[Saved data entries]

Lemma IPR_N_bounded : IPR_N M ->
  exists K, forall f : nat -> T, exists i, mono_image K f i.
Proof.
move=> ipr; apply: contrapT => /forallNP noK.
have bad K : exists f, no_mono_image K f.
  have /existsNP[f /forallNP fK] := noK K.
  by exists f.
have [g0 _] := bad 0%N.
have [|h hP] := @dependent_choice_fun _ extendable g0 _ extendable_step.
  by move=> K; have [f fK] := bad K; exists f => // m /andP[/leq_trans/[apply]].
have h_bad K : no_mono_image K h.
  have [g /(_ K)[f fK fg] gh] := hP K.
  move=> i hi; apply: (fK i); apply: eq_mono_image hi => n /andP[n0 nK].
  by rewrite -gh ?fg ?n0.
have [i [x xP Mx]] := IPR_N_fin_coloring h ipr.
have /boolp.choice[nk nkP] k : exists n, (0 < n)%N /\ h n = i /\
    \sum_(j < v) M k j * (x j)%:R = n%:R.
  by have [n n0 ?] := Mx k; exists n.
apply: (h_bad (\max_k nk k) i); exists x => // k.
have [nk0 ?] := nkP k; exists (nk k) => //.
by rewrite nk0 (leq_bigmax k).
Qed.

Lemma mono_image_attained K f i : (0 < K)%N -> mono_image K f i ->
  exists i', exists2 m, (0 < m <= K)%N & f m = i' /\ mono_image K f i'.
Proof.
move=> K0 [x xP Mx]; have [u0|u_gt0] := posnP u.
  exists (f 1%N); exists 1%N; rewrite ?K0 //; split=> //.
  by exists (fun=> 1%N) => // k; have := ltn_ord k; rewrite {2}u0.
have [m mK [fm _]] := Mx (Ordinal u_gt0).
by exists i; exists m; rewrite // fm; split=> //; exists x.
Qed.

End BoundedMonochromaticImage.

Section NearZero.

Variables (R : realType) (S : set R).

Lemma dense_subsemigroup_natmul t n :
  dense_subsemigroup S -> S t -> (0 < n)%N -> S (n%:R * t).
Proof.
move=> [_ [Sadd _]] St; elim: n => // [[|n]] IH _; first by rewrite mul1r.
by rewrite mulrSr mulrDl mul1r; apply: Sadd => //; apply: IH.
Qed.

:: DESCRIPTION OF THE TASK ::
Your task is to quote all of the data word for word.

:: EXERCISE SOLUTION ::
Lemma IPR_N_bounded : IPR_N M ->
  exists K, forall f : nat -> T, exists i, mono_image K f i.
Proof.
move=> ipr; apply: contrapT => /forallNP noK.
have bad K : exists f, no_mono_image K f.
  have /existsNP[f /forallNP fK] := noK K.
  by exists f.
have [g0 _] := bad 0%N.
have [|h hP] := @dependent_choice_fun _ extendable g0 _ extendable_step.
  by move=> K; have [f fK] := bad K; exists f => // m /andP[/leq_trans/[apply]].
have h_bad K : no_mono_image K h.
  have [g /(_ K)[f fK fg] gh] := hP K.
  move=> i hi; apply: (fK i); apply: eq_mono_image hi => n /andP[n0 nK].
  by rewrite -gh ?fg ?n0.
have [i [x xP Mx]] := IPR_N_fin_coloring h ipr.
have /boolp.choice[nk nkP] k : exists n, (0 < n)%N /\ h n = i /\
    \sum_(j < v) M k j * (x j)%:R = n%:R.
  by have [n n0 ?] := Mx k; exists n.
apply: (h_bad (\max_k nk k) i); exists x => // k.
have [nk0 ?] := nkP k; exists (nk k) => //.
by rewrite nk0 (leq_bigmax k).
Qed.

Lemma mono_image_attained K f i : (0 < K)%N -> mono_image K f i ->
  exists i', exists2 m, (0 < m <= K)%N & f m = i' /\ mono_image K f i'.
Proof.
move=> K0 [x xP Mx]; have [u0|u_gt0] := posnP u.
  exists (f 1%N); exists 1%N; rewrite ?K0 //; split=> //.
  by exists (fun=> 1%N) => // k; have := ltn_ord k; rewrite {2}u0.
have [m mK [fm _]] := Mx (Ordinal u_gt0).
by exists i; exists m; rewrite // fm; split=> //; exists x.
Qed.

End BoundedMonochromaticImage.

Section NearZero.

Variables (R : realType) (S : set R).

Lemma dense_subsemigroup_natmul t n :
  dense_subsemigroup S -> S t -> (0 < n)%N -> S (n%:R * t).
Proof.
move=> [_ [Sadd _]] St; elim: n => // [[|n]] IH _; first by rewrite mul1r.
by rewrite mulrSr mulrDl mul1r; apply: Sadd => //; apply: IH.
Qed.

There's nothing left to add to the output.